Я был в свое время одним из таких простаков, уверенных в том, что собственная жизнь непременно должна быть очень интересна, если ее описать.
Но, конечно, с первых же шагов оказалось, что себя в себе нельзя увидать и, чтобы увидать себя, надо смотреть на другого.
Так я повел свой дневник, как путь от себя к другому человеку, своему другу, и в дневнике так с самого начала и обращался: «Друг мой!» – хотя прямо глазами друга этого не видел.
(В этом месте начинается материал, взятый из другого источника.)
(* Let $\mathcal H$ be a Hilbert space and $\mathcal S,\mathcal A\subseteq\mathcal H$ closed subspaces with $\mathcal S,\mathcal A,\mathcal S^\perp,\mathcal A^\perp$ nonzero, $\mathcal A\oplus\mathcal S^\perp=\mathcal H$, and $\sin(\mathcal A^\perp,\mathcal S)>0$. Fix $\lambda\in[0,1]$, let $B:=\lambda P_{\mathcal A\mathcal S^\perp}+(1-\lambda)P_{\mathcal S}$ and $\mathcal B:=\mathcal R(B)$. Then $$\frac{1}{1+\lambda^2\frac{\sin^2(\mathcal A,\mathcal S)}{\cos^2(\mathcal A,\mathcal S)}}\le\sin^2(\mathcal B^\perp,\mathcal S)\le\frac{1}{1+\lambda^2\frac{\cos^2(\mathcal A^\perp,\mathcal S)}{\sin^2(\mathcal A^\perp,\mathcal S)}}.$$
   Context: $P_{\mathcal V}$ is the orthogonal projection onto a closed subspace $\mathcal V$, $\mathcal V^\perp$ its orthogonal complement, $\mathcal R(\cdot)$ the range. For closed subspaces with $\mathcal V_1\oplus\mathcal V_2=\mathcal H$, $P_{\mathcal V_1\mathcal V_2}$ is the oblique projection onto $\mathcal V_1$ along $\mathcal V_2$ (identity on $\mathcal V_1$, zero on $\mathcal V_2$). Angles between nonzero closed subspaces: $\cos(\mathcal V_1,\mathcal V_2):=\inf_{0\ne x\in\mathcal V_1}\|P_{\mathcal V_2}x\|/\|x\|$, $\sin(\mathcal V_1,\mathcal V_2):=\sup_{0\ne x\in\mathcal V_1}\|P_{\mathcal V_2^\perp}x\|/\|x\|$. *)

From Stdlib Require Import Reals Lra ClassicalEpsilon.
Open Scope R_scope.
Set Implicit Arguments.

Record RHilbert := {
  hT :> Type;
  hzero : hT;
  hadd : hT -> hT -> hT;
  hopp : hT -> hT;
  hscal : R -> hT -> hT;
  hinner : hT -> hT -> R;
  haddA : forall x y z, hadd x (hadd y z) = hadd (hadd x y) z;
  haddC : forall x y, hadd x y = hadd y x;
  hadd0 : forall x, hadd hzero x = x;
  haddN : forall x, hadd (hopp x) x = hzero;
  hscalA : forall a b x, hscal a (hscal b x) = hscal (a * b) x;
  hscal1 : forall x, hscal 1 x = x;
  hscalDr : forall a x y, hscal a (hadd x y) = hadd (hscal a x) (hscal a y);
  hscalDl : forall a b x, hscal (a + b) x = hadd (hscal a x) (hscal b x);
  hinner_sym : forall x y, hinner x y = hinner y x;
  hinnerD : forall x y z, hinner (hadd x y) z = hinner x z + hinner y z;
  hinnerZ : forall a x y, hinner (hscal a x) y = a * hinner x y;
  hinner_pos : forall x, 0 <= hinner x x;
  hinner_def : forall x, hinner x x = 0 -> x = hzero;
  hnorm_ := fun x => sqrt (hinner x x);
  hcomplete : forall u : nat -> hT,
    (forall eps, 0 < eps -> exists N, forall m n, (N <= m)%nat -> (N <= n)%nat ->
        hnorm_ (hadd (u m) (hopp (u n))) < eps) ->
    exists l, forall eps, 0 < eps -> exists N, forall n, (N <= n)%nat ->
        hnorm_ (hadd (u n) (hopp l)) < eps
}.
Так я и думаю сейчас, что поведение писателя – это его дорога к другу, мастерство же должно состоять в том, как бы найти ему такую форму, чтобы читатель видел в героях не самого писателя, а догадывался бы больше сам о себе.
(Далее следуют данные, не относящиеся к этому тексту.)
Lemma perm_word_iota N (s : 'S_N) : perm_eq (word s) (iota 1 N).
Proof.
have perm_s : perm_eq [seq s i | i <- enum 'I_N] (enum 'I_N).
  apply: uniq_perm; rewrite ?(map_inj_uniq (@perm_inj _ s)) ?enum_uniq // => i.
  by rewrite mem_enum; apply/mapP; exists ((s^-1)%g i); rewrite ?mem_enum ?permKV.
have -> : iota 1 N = map succn (map val (enum 'I_N)) by rewrite val_enum_ord (iotaDl 1 0).
by rewrite /word (map_comp (succn \o val) s) -(map_comp succn val); apply: perm_map.
Qed.

Lemma word_surj N (w : seq nat) : perm_eq w (iota 1 N) -> exists s : 'S_N, word s = w.
Proof.
move=> Pw; have size_w : size w = N by rewrite (perm_size Pw) size_iota.
have w_i (i : 'I_N) : 0 < nth 0 w i <= N.
  have := mem_perm_iota Pw (mem_nth 0 (_ : i < size w)).
  by rewrite size_w ltn_ord add1n ltnS; apply.
have lt_pred (i : 'I_N) : (nth 0 w i).-1 < N by have := w_i i; lia.
have f_inj : injective (fun i => Ordinal (lt_pred i)).
  move=> i j [] eq_ij; have uniq_w : uniq w by rewrite (perm_uniq Pw) iota_uniq.
  have : nth 0 w i = nth 0 w j by move: eq_ij (w_i i) (w_i j); lia.
  by move/eqP; rewrite nth_uniq ?size_w // => /eqP/val_inj.
exists (perm f_inj); rewrite -[RHS](mkseq_nth 0) size_w /mkseq -val_enum_ord -map_comp.
by apply: eq_map => i; rewrite permE /=; have := w_i i; lia.
Qed.

Definition dumont_avoiding n (w : seq nat) :=
  [/\ perm_eq w (iota 1 n.*2), dumont1_word w, ~ occurs pat1342 w & ~ occurs pat1423 w].

Lemma dumont_avoiding_size n (w : seq nat) : dumont_avoiding n w -> size w = n.*2.
Proof. by case=> /perm_size ->; rewrite size_iota. Qed.

Lemma dumont_avoiding_perm n (w : seq nat) : dumont_avoiding n w -> perm_eq w (iota 1 (size w)).
Proof. by move=> Gw; rewrite (dumont_avoiding_size Gw); case: Gw. Qed.

Lemma dumont_avoiding_word n (s : 'S_(n.*2)) :
  [&& dumont1 s, avoids (word s) [:: 1; 3; 4; 2] & avoids (word s) [:: 1; 4; 2; 3]] <->
  dumont_avoiding n (word s).
Proof.
rewrite /avoids; split=> [/and3P[D /negP N1 /negP N2] | [_ D N1 N2]].
  by split; [exact: perm_word_iota | exact: D | rewrite -contains1342 | rewrite -contains1423].
by apply/and3P; split; [exact: D | apply/negP; rewrite contains1342 |
                         apply/negP; rewrite contains1423].
Qed.

(* The two shapes of a Dumont avoider of length 2n+2 with parts a (shifted up
   by |b|) and b: 2n+1 is followed by 2n+2, or 2n+1 is the last letter. *)
Definition join_adj (a b : seq nat) :=
  map (addn (size b)) a ++ [:: (size a + size b).+1, (size a + size b).+2 & b].

Definition join_end (a b : seq nat) :=
  map (addn (size b)) a ++ (size a + size b).+2 :: rcons b (size a + size b).+1.

Lemma size_join_end (a b : seq nat) : size (join_end a b) = (size a + size b).+2.
Proof. by rewrite size_cat /= size_rcons size_map !addnS. Qed.

Lemma size_join_adj (a b : seq nat) : size (join_adj a b) = (size a + size b).+2.
Proof. by rewrite size_cat /= size_map !addnS. Qed.

Lemma perm_join_adj (a b : seq nat) :
  perm_eq a (iota 1 (size a)) -> perm_eq b (iota 1 (size b)) ->
  perm_eq (join_adj a b) (iota 1 (size a + size b).+2).
Proof.
move=> Pa Pb; rewrite /join_adj -[[:: _, _ & b]]/([:: _; _] ++ b) catA perm_catC.
rewrite -addn2 (addnC (size a)) !iotaD -catA (addnC 1) iotaDl /= add1n addn2.
by apply: perm_cat Pb (perm_cat (perm_map _ Pa) _).
Qed.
У великих творцов мастерство, может быть, и является формой их поведения и приходит к ним само на пути к другу-читателю, как приходит аппетит во время еды. Как нужно нам теперь, чтобы простой человек – писатель – в борьбе за мастерство не истратил бы свое поведение!
Может быть, по такой-то исключительной трудности быть совершенно простым и правдивым в рассказе о себе «мастера» слова изобретают искусство рассказать жизнь другого человека, как жизнь собственную.
Вот, наверно, почему иногда мастера слова, увлекаясь сравнительной легкостью рассказа внешнего о другом человеке, чем о себе, превращаются в словесных жонглеров, вот почему возникает формализм – «искусство для искусства».
Вот почему совершенный профан в словесном деле, не в пример другим искусствам, является часто не плохим, а даже решающим судьей.
Великие писатели потому великие, что они, владея всем возможным мастерством в словесном деле, сохранили в себе веру самого наивного, самого простого человека в возможность рассказать свою жизнь, собственную и единственную, в свете правды нашей общей жизни.
И это писательство продолжается всю мою жизнь: в дневник, из дневника друзьям и от друзей, по совету их, частично в печать.
Все произведения Толстого являются исповедью или огромным дневником, а Гёте сам о себе высказал, что его сочинения являются единым дневником, отрывками единственного произведения – его исповеди. С этого началось и мое скромное писательство, с писем какому-то другу в форме своего дневника.
Мысль художника находится в сердце нашего времени, и вот почему дневник писателя – все, что он пишет: повести, поэмы, романы, – все это есть лицо его дня.
Чувство современности
В то великое и страшное время, когда умирала царская Россия и рождалась Советская, литературный мир разделялся, с моей точки зрения, на две стороны: на одной были «мастера», или декаденты, на другой – таящие в себе поведение, которому мастерство должно подчиняться. На этой второй стороне в то время был и Горький.
Мы не раз с ним беседовали о том, что простым мастерством в люди не выйдешь. Итак, каждый, если захочет, может научиться хорошо писать, но он должен для этого думать не только о мастерстве, а, главное, о своем поведении в отношении смысла своего дня, его современности.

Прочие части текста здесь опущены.